Dimensions: 308 mm (height) x 242 mm (width) (bladmaal)

Curator: This is "Haymaker," a work created between 1885 and 1887 by Camille Pissarro, currently housed at the SMK, the National Gallery of Denmark. Editor: Mmm, this has the quality of a daydream... the haymaker, all hunched with this repetitive motion, against this barely-there background. Is that the entire world she knows, or what she allows herself to see? Curator: It evokes, for me, the universal symbol of toil, almost a visual enactment of Sisphus, but softened, made bearable by Pissarro's technique, using delicate mediums like watercolor and pastel. Editor: Sisphus? It doesn't have that heavy, burdensome quality to me at all. If anything, she looks peaceful, integrated with the landscape, doing exactly what she is meant to be doing...there's almost a zen-like state evoked here. Maybe its just the soft lines of the impressionistic technique. Curator: Perhaps what we’re seeing is Pissarro tapping into a deeper mythos. Consider the cyclical nature of farming – sowing, reaping.

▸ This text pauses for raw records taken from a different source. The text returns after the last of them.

Lemma ae_exists_in (Q : T -> Prop) (A : set T) : measurable A -> 0 < P A ->
  {ae P, forall x, Q x} -> exists2 x, A x & Q x.
Proof.
move=> mA PA [N [mN PN notQN]]; apply: contrapT => noA.
have : P A <= P N.
  by apply: le_measure; rewrite ?inE // => x Ax; apply: notQN => Qx; apply: noA; exists x.
by rewrite PN leNgt PA.
Qed.

Lemma null_sigma_indep (A E : set T) : null_sigma P A -> measurable E ->
  P (A `&` E) = P A * P E.
Proof.
move=> [mA [PA|PA]] mE.
  by rewrite PA mul0e; apply/eqP; rewrite -measure_le0 -PA measureIl.
have PA1 : P A = 1 by rewrite -[A]setCK probability_setC ?PA ?sube0 //; exact: measurableC.
rewrite PA1 mul1e [in RHS](measureDI P mE mA) setIC -[LHS]add0e; congr (_ + _).
apply/esym/eqP; rewrite -measure_le0 -PA le_measure ?inE //.
- exact: measurableD.
- exact: measurableC.
Qed.

Lemma null_sigmaI (A B : set T) :
  null_sigma P A -> null_sigma P B -> null_sigma P (A `&` B).
Proof.
move=> [mA hA] [mB hB]; split; first exact: measurableI.
have [PA|PA] := hA.
  by left; apply/eqP; rewrite -measure_le0 -PA measureIl.
have [PB|PB] := hB.
  by left; apply/eqP; rewrite -measure_le0 -PB measureIr.
have AB : P (~` A `|` ~` B) <= P (~` A) + P (~` B).
  exact: measureU2 (measurableC mA) (measurableC mB).
by right; apply/eqP; rewrite setCI -measure_le0 (le_trans AB) // PA PB adde0.
Qed.

Lemma g_sigma_indep (G : set (set T)) (Z : set T) : measurable Z -> setI_closed G ->
  (forall A, G A -> measurable A /\ P (A `&` Z) = P A * P Z) ->
  forall A, <<s G >> A -> measurable A /\ P (A `&` Z) = P A * P Z.
Proof.
move=> mZ GI GZ.
pose H := [set A : set T | measurable A /\ P (A `&` Z) = P A * P Z].
have fineP (A : set T) : measurable A -> P A = (fine (P A))%:E.
  by move=> mA; rewrite fineK // fin_num_measure.
suff HL : lambda_system setT H.
  by move=> A GA; exact: (lambda_system_subset GI HL GZ (fun _ _ _ _ => I) GA).
apply/dynkin_lambda_system; split.
- by split => //; rewrite setTI probability_setT mul1e.
- move=> A [mA AZ]; split; first exact: measurableC.
  rewrite probability_setC // setIC -setDE.
  have : P Z = P (Z `\` A) + P (A `&` Z) by rewrite setIC; exact: measureDI.
  rewrite AZ (fineP _ mZ) (fineP _ mA) (fineP _ (measurableD mZ mA)).
  move: (fine (P Z)) (fine (P A)) (fine (P (Z `\` A))) => z a b.
  rewrite -EFinM -EFinD -EFinB -EFinM => -[zE].
  by congr (_%:E); rewrite mulrBl mul1r {1}zE addrK.
- move=> F tF HF; have mF n : measurable (F n) by case: (HF n).
  split; first exact: bigcup_measurable.
  rewrite setI_bigcupl !measure_bigcup //; last 2 first.
  + by move=> n _; exact: measurableI.
  + exact: trivIset_setIr.
  rewrite (fineP _ mZ) muleC -nneseriesZl; last by move=> i _; exact: measure_ge0.
  apply: eq_eseriesr => i _; case: (HF i) => _ FZ.
  by apply: (etrans FZ); rewrite -fineP // muleC.
Qed.
End probability_facts.
(* As the classes of [zs] are independent from span(m), a central product
   whose class lies in span(m) is trivial. *)
Lemma cprod_trivial c d : lc c (map mk zs) = lc d m -> cprod pw zs c = 1.
Proof.
move=> E; apply: (cprod0 hKG); apply: (indep_zs_m (d := fun i => - d i)).
by rewrite lcN E subrr.
Qed.

Lemma H_mod_G0 g : exists c, H (g ** inv (cprod pw zs c)).
Proof.
have [c [d E]] := decomp (mk g); exists c, d.
by rewrite -addQE -oppQE E mk_cprod addrAC subrr add0r.
Qed.

Lemma central_mod_G0 z : central z -> exists c, IsD pw (inv (cprod pw zs c) ** z).
Proof.
move=> Zz; have [c [d E]] := decomp (mk z); exists c.
have Zd : ZQ (lc d m).
  rewrite -(addKr (lc c (map mk zs)) (lc d m)) -E addrC.
  apply: (submB (subm_ZQ h)); first by exists z.
  by rewrite -mk_cprod; exists (cprod pw zs c) => //; apply: (cprod_central hKG _ zs_central).
move: E; rewrite (lc0 (indep_m Zd)) addr0 -mk_cprod => /mk_eq.
exact: eqv_sym.
Qed.

Lemma G0_addition : addition pw G0.
Proof.
have [_ ZM ZV _] := Ksubgroup_central hKG.
split.
- exact: (Ksubgroup_cprod hbin hKG zs_central).
- by move=> x /G0_central Zx; split.
- move=> _ [c ->] [/mk_eq0 Ic _]; apply: (cprod_trivial (d := fun _ => 0)).
  by rewrite -mk_cprod Ic lc0.
- move=> z [_ Zz]; have [c Ic] := central_mod_G0 (fun g => Zz g I).
  exists (cprod pw zs c), (inv (cprod pw zs c) ** z); rewrite mulKVg.
  split => //; first by exists c.
  split => //; split => // g _; apply: ZM => [|g']; last exact: Zz.
  exact/ZV/(cprod_central hKG _ zs_central).
Qed.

He gives it a material form, allowing the subject to be simultaneously representative of agrarian activity, yet existing as an aesthetic symbol of it, too. It's the tension between the lived experience and its allegorical representation. Editor: Hmm. It still whispers more about fleeting moments. How the ordinary is saturated with beauty. See, even her hands at work have grace! To me that's what it means to turn toward our ordinary life as the primary material for an art life. Curator: I can appreciate that reading as well, understanding the work's symbolism alongside its quiet intimacy. Editor: Absolutely! Which is maybe why I respond to it more on that visceral level first and foremost. What a marvelous way of capturing daily rhythm. Curator: Well said. It certainly shows us Pissarro's talent to capture both reality and timeless symbolism on the canvas, leaving us something worth contemplating long after we leave this room.